▶ _Exercise description_
Look through the records below for the line with "destruct (IH _". Return that line and each one after it up to and including the line with "destruct (pigeonhole (delta", exactly.

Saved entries
=====

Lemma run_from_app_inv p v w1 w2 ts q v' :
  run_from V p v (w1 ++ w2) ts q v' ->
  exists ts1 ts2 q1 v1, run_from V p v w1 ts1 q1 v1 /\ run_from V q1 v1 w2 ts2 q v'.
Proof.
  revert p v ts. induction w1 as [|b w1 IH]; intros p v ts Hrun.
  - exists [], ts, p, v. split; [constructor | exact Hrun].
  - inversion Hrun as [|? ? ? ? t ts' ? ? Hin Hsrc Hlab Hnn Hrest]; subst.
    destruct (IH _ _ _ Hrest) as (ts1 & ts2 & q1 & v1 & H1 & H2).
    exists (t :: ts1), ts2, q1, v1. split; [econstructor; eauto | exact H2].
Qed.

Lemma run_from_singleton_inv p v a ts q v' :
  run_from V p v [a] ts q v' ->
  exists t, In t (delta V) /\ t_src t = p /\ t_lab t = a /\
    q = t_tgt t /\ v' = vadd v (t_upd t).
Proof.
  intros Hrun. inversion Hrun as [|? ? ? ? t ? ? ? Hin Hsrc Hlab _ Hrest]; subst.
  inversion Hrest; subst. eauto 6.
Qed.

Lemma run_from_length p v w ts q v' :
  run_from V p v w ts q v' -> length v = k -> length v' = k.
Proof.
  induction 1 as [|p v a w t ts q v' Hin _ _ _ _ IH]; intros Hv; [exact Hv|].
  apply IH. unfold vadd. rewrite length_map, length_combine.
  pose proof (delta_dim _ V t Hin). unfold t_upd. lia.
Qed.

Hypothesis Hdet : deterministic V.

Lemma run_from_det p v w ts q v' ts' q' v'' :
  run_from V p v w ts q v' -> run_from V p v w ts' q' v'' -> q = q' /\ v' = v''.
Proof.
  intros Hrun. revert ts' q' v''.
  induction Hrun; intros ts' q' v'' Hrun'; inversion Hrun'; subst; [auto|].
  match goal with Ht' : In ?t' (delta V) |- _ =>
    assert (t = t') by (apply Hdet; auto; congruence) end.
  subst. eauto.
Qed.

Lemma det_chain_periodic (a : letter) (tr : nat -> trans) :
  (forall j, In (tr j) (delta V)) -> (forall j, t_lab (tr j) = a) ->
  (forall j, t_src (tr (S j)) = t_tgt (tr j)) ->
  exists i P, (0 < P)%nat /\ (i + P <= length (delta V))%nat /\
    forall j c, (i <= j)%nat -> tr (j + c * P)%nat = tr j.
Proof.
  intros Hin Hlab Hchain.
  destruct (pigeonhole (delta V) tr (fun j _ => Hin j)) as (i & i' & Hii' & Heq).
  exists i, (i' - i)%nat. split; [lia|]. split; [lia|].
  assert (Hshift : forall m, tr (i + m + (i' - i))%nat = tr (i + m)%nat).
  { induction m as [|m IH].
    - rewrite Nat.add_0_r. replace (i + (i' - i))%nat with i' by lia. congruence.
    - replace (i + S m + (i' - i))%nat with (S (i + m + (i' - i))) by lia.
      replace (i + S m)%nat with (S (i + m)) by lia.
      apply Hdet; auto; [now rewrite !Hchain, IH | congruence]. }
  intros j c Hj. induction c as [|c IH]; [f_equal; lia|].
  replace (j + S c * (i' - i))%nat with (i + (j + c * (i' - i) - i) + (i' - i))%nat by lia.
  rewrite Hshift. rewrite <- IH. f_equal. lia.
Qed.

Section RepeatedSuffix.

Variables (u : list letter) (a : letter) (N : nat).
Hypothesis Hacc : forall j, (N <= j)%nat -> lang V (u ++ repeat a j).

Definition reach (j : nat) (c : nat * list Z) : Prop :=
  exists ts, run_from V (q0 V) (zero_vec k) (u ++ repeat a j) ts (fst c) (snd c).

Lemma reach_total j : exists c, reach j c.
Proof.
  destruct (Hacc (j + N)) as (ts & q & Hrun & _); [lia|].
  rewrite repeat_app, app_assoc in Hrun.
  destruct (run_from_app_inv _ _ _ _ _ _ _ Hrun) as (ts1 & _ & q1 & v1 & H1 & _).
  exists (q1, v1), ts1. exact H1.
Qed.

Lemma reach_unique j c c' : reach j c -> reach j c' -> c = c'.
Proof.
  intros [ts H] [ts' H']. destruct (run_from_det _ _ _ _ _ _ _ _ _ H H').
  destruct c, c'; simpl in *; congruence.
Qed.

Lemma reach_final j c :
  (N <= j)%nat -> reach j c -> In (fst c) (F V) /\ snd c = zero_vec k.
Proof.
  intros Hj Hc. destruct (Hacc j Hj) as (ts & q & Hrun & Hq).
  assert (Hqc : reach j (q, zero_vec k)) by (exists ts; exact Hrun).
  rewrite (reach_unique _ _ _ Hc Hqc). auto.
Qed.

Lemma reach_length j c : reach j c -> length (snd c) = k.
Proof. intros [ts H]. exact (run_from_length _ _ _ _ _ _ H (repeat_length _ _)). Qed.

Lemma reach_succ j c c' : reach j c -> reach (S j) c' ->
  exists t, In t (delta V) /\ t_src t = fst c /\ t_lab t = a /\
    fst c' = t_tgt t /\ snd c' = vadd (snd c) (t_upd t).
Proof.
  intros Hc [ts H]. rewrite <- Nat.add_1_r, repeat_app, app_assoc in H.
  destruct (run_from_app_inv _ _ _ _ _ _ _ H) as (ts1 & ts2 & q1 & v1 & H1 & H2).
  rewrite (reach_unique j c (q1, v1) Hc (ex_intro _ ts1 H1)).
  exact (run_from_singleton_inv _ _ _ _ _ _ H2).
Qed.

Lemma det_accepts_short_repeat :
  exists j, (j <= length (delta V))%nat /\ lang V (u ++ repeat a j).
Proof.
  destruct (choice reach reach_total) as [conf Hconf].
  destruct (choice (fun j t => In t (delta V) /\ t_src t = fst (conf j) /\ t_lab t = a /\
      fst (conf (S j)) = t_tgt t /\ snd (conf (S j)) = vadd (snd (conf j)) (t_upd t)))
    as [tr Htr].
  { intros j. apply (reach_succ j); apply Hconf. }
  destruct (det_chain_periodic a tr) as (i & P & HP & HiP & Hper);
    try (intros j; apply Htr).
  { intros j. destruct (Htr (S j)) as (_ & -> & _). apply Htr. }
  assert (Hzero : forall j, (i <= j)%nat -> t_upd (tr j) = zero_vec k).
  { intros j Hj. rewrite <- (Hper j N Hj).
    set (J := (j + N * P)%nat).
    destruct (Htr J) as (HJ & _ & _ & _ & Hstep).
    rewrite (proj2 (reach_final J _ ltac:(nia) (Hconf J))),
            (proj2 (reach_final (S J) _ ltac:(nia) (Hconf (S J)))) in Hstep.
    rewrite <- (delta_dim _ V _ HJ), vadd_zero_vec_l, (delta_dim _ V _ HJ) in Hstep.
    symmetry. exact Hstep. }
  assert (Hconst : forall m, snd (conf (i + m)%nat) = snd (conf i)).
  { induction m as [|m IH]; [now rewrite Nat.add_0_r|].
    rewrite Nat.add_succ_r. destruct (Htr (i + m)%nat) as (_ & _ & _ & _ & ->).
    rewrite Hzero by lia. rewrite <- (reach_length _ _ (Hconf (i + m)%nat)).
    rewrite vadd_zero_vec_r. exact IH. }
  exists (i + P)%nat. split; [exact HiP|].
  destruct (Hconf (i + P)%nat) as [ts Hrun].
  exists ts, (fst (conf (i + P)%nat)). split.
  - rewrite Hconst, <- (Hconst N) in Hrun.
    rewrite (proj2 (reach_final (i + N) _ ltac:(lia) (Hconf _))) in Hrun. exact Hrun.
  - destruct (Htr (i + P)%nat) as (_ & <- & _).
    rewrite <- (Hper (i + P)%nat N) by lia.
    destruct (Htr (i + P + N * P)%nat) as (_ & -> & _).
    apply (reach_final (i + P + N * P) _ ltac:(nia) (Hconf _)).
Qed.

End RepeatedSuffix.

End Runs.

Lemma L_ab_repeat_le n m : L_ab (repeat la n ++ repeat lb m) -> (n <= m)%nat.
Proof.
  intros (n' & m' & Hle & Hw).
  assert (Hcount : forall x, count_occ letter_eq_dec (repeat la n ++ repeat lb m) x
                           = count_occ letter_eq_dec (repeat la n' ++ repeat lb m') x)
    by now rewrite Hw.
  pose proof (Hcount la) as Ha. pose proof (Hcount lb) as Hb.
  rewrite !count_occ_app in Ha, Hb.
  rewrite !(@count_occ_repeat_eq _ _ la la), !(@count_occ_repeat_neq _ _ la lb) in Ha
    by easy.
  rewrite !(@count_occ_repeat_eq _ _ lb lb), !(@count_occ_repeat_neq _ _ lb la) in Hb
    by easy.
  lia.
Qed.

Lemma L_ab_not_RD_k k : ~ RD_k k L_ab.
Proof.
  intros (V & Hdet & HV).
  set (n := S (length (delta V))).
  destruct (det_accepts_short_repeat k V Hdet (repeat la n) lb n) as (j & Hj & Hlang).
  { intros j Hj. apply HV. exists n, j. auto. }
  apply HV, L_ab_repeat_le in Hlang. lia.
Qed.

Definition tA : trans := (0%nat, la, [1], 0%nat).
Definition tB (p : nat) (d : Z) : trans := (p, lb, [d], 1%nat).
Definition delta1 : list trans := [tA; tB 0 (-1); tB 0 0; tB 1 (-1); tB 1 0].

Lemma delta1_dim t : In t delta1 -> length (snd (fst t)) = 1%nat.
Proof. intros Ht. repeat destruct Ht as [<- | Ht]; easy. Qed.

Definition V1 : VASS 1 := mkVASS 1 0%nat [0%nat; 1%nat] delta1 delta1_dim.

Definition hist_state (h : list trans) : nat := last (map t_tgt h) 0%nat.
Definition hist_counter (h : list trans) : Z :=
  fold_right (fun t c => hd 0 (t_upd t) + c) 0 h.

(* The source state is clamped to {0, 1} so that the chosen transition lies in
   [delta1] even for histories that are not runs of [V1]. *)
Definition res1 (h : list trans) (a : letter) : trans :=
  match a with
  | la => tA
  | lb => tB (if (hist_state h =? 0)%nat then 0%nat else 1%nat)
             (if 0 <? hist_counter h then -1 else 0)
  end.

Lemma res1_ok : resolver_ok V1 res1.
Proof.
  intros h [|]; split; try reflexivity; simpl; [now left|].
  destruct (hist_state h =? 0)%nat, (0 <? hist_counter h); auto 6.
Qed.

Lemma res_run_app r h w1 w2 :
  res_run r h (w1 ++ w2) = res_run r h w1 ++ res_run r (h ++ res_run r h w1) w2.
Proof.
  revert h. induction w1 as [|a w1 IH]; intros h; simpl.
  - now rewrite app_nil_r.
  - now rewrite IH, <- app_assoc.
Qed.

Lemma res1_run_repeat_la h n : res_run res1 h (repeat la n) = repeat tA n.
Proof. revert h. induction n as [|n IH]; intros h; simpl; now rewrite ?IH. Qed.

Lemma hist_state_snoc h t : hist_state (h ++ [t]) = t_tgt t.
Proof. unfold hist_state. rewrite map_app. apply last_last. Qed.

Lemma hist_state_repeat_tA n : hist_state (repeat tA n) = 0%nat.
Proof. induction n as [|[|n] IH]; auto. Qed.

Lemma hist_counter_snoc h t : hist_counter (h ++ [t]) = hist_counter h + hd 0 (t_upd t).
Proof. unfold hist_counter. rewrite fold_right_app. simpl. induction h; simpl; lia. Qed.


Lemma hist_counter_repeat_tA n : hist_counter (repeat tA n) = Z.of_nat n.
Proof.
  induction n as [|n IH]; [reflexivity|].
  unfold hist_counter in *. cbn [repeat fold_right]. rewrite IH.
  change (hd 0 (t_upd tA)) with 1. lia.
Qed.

=====

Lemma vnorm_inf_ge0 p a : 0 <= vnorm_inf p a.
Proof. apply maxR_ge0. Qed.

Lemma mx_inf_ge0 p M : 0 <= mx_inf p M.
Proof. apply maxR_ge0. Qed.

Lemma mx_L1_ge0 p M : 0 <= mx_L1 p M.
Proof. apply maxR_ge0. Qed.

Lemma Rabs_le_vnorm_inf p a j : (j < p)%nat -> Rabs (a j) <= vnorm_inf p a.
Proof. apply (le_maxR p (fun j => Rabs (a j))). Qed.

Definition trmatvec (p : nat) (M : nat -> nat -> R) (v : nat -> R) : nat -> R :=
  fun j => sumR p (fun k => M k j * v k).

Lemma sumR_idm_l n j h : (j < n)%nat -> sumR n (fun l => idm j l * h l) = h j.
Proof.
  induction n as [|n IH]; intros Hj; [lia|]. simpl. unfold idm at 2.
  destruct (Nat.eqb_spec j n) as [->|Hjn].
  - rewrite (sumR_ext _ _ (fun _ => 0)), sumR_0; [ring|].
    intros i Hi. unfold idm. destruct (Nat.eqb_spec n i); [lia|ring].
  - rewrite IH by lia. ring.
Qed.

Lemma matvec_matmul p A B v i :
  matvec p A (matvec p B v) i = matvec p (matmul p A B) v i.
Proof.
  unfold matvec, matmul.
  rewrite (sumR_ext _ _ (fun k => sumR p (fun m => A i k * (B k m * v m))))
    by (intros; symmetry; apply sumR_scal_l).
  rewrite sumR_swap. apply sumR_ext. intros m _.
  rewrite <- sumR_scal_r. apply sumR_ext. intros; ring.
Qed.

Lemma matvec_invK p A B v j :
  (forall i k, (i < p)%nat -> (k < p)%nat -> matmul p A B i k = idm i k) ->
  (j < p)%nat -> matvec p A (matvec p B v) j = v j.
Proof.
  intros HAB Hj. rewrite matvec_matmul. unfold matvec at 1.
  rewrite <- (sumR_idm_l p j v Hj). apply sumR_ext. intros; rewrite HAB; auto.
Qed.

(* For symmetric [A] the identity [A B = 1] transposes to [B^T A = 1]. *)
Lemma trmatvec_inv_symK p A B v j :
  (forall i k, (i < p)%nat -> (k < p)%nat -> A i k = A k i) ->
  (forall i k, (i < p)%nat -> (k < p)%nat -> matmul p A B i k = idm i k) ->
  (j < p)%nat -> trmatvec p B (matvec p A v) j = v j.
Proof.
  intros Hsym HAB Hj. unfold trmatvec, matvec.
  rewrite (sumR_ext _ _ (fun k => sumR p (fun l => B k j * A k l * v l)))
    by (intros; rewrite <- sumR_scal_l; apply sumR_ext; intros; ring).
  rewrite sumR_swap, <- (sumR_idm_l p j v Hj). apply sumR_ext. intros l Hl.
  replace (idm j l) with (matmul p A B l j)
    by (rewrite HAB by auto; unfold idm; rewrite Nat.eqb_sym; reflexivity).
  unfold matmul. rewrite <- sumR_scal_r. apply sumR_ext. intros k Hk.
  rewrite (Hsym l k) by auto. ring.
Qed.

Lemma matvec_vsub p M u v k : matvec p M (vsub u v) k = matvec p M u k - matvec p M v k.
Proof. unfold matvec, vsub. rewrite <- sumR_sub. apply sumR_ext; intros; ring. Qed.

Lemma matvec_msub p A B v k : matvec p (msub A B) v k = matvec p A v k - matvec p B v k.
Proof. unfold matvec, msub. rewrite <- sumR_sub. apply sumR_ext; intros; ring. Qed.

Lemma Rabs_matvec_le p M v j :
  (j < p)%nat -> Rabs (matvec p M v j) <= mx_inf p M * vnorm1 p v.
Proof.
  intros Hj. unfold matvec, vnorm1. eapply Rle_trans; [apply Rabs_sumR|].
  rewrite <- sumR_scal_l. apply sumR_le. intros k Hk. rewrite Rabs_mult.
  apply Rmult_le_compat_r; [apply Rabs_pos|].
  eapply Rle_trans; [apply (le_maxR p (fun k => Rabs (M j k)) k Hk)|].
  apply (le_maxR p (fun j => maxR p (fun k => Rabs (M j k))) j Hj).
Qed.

=====

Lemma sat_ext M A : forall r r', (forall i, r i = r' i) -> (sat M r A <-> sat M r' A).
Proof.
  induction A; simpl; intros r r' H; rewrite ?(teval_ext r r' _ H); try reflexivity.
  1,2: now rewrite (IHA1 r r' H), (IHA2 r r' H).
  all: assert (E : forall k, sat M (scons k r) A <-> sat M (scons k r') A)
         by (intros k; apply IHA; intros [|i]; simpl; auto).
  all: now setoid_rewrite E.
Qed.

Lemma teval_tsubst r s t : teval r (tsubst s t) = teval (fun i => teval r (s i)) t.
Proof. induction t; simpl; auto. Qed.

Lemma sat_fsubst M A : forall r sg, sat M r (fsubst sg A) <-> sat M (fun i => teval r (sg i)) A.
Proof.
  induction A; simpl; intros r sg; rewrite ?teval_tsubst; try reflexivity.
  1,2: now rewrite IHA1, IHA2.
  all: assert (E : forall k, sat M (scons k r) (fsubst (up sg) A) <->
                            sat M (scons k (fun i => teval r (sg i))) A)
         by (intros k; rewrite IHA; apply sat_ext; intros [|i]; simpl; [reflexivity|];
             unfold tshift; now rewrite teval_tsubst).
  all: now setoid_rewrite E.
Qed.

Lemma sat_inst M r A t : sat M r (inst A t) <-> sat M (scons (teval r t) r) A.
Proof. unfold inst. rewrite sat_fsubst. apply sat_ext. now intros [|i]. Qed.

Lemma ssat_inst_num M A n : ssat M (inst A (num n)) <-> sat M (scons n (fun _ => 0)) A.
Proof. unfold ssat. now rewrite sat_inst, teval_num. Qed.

=====

▶ _Answer area_
    destruct (IH _ _ _ Hrest) as (ts1 & ts2 & q1 & v1 & H1 & H2).
    exists (t :: ts1), ts2, q1, v1. split; [econstructor; eauto | exact H2].
Qed.

Lemma run_from_singleton_inv p v a ts q v' :
  run_from V p v [a] ts q v' ->
  exists t, In t (delta V) /\ t_src t = p /\ t_lab t = a /\
    q = t_tgt t /\ v' = vadd v (t_upd t).
Proof.
  intros Hrun. inversion Hrun as [|? ? ? ? t ? ? ? Hin Hsrc Hlab _ Hrest]; subst.
  inversion Hrest; subst. eauto 6.
Qed.

Lemma run_from_length p v w ts q v' :
  run_from V p v w ts q v' -> length v = k -> length v' = k.
Proof.
  induction 1 as [|p v a w t ts q v' Hin _ _ _ _ IH]; intros Hv; [exact Hv|].
  apply IH. unfold vadd. rewrite length_map, length_combine.
  pose proof (delta_dim _ V t Hin). unfold t_upd. lia.
Qed.

Hypothesis Hdet : deterministic V.

Lemma run_from_det p v w ts q v' ts' q' v'' :
  run_from V p v w ts q v' -> run_from V p v w ts' q' v'' -> q = q' /\ v' = v''.
Proof.
  intros Hrun. revert ts' q' v''.
  induction Hrun; intros ts' q' v'' Hrun'; inversion Hrun'; subst; [auto|].
  match goal with Ht' : In ?t' (delta V) |- _ =>
    assert (t = t') by (apply Hdet; auto; congruence) end.
  subst. eauto.
Qed.

Lemma det_chain_periodic (a : letter) (tr : nat -> trans) :
  (forall j, In (tr j) (delta V)) -> (forall j, t_lab (tr j) = a) ->
  (forall j, t_src (tr (S j)) = t_tgt (tr j)) ->
  exists i P, (0 < P)%nat /\ (i + P <= length (delta V))%nat /\
    forall j c, (i <= j)%nat -> tr (j + c * P)%nat = tr j.
Proof.
  intros Hin Hlab Hchain.
  destruct (pigeonhole (delta V) tr (fun j _ => Hin j)) as (i & i' & Hii' & Heq).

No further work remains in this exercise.